The records below:

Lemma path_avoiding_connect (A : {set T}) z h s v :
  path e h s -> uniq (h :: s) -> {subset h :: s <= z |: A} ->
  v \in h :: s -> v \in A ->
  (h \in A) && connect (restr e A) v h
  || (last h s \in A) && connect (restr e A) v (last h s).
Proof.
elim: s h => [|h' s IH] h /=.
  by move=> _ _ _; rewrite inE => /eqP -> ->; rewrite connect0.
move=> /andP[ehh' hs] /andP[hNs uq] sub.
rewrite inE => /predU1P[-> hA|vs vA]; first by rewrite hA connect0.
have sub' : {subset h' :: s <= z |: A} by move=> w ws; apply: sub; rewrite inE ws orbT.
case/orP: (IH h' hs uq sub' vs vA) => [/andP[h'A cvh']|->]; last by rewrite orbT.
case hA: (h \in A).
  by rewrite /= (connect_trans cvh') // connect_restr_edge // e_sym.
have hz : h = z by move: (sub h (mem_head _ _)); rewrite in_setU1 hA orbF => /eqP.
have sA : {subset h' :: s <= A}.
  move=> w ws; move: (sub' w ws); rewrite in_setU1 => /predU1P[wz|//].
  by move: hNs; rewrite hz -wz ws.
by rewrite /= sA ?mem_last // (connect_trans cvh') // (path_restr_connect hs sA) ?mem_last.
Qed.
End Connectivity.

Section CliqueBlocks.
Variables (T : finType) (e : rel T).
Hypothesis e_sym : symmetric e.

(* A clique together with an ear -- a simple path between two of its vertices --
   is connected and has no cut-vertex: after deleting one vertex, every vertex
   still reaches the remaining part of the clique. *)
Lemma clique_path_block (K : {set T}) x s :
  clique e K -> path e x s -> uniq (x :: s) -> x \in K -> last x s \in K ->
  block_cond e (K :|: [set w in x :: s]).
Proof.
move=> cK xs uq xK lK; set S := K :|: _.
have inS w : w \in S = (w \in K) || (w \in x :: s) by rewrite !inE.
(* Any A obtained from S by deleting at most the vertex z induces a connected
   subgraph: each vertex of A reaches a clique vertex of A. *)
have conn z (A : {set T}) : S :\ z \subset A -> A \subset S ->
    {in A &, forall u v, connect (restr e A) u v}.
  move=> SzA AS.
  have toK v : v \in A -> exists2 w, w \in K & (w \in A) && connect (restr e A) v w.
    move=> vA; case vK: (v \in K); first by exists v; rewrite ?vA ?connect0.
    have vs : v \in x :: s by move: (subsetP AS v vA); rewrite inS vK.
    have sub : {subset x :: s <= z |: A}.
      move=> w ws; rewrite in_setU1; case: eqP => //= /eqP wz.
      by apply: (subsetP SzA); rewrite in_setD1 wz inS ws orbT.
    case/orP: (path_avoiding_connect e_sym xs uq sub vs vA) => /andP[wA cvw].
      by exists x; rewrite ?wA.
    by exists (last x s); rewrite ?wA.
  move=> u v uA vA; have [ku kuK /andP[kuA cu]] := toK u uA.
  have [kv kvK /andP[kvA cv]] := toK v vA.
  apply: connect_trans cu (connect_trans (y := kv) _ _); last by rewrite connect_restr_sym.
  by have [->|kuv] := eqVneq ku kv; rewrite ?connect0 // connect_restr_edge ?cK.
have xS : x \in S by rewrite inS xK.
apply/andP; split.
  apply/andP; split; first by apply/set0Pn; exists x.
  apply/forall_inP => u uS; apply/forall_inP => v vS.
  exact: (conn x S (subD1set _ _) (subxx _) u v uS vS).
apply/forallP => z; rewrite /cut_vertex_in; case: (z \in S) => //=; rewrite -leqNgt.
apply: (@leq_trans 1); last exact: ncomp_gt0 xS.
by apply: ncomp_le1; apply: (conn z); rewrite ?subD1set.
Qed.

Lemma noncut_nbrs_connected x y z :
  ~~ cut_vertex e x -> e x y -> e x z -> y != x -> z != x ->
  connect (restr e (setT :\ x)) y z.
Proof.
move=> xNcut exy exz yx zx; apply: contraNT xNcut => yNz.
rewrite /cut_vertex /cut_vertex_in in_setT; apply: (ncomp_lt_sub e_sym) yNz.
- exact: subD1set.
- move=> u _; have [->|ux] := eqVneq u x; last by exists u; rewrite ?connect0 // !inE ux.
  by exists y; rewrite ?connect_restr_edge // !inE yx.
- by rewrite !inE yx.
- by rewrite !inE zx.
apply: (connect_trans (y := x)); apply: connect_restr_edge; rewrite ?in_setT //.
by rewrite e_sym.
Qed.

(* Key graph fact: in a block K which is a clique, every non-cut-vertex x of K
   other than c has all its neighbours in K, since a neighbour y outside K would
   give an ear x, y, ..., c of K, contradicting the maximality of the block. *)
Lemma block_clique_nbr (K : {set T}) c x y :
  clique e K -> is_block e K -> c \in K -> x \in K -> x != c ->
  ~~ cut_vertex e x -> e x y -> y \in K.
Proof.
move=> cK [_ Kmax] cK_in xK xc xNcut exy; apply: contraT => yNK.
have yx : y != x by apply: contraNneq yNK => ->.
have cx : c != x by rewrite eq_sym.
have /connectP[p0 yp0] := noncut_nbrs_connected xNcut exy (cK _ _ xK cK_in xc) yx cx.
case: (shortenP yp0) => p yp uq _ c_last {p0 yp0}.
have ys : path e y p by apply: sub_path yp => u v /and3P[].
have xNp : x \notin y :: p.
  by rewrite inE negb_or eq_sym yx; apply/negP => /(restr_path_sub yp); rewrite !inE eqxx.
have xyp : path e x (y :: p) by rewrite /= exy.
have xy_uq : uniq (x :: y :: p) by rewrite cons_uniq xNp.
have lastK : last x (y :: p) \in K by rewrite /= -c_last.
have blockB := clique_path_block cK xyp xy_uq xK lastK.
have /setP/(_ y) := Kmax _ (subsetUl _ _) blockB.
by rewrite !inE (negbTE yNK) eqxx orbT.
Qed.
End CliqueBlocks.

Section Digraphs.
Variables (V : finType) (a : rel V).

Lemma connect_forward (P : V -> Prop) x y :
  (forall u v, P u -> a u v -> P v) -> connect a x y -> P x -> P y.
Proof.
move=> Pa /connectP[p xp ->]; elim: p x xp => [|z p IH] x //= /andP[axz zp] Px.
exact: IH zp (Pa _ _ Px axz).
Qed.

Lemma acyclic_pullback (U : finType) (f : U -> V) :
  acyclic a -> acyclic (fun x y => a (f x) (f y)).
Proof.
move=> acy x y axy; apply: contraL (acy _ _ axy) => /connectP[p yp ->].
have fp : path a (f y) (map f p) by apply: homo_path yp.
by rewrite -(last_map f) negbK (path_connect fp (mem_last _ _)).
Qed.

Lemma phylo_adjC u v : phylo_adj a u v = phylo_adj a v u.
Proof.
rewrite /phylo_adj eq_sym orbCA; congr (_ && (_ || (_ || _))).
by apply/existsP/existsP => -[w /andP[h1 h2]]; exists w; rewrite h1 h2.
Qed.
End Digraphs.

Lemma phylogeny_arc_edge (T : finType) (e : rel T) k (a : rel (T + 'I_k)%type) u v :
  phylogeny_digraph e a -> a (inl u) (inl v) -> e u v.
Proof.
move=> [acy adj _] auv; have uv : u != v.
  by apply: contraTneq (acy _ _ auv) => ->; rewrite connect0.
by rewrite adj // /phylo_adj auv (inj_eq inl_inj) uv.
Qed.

End of The records.

# Exercise brief
Please provide nothing but the number of lines in the records that hold the string "eqxx".

# Answer area
2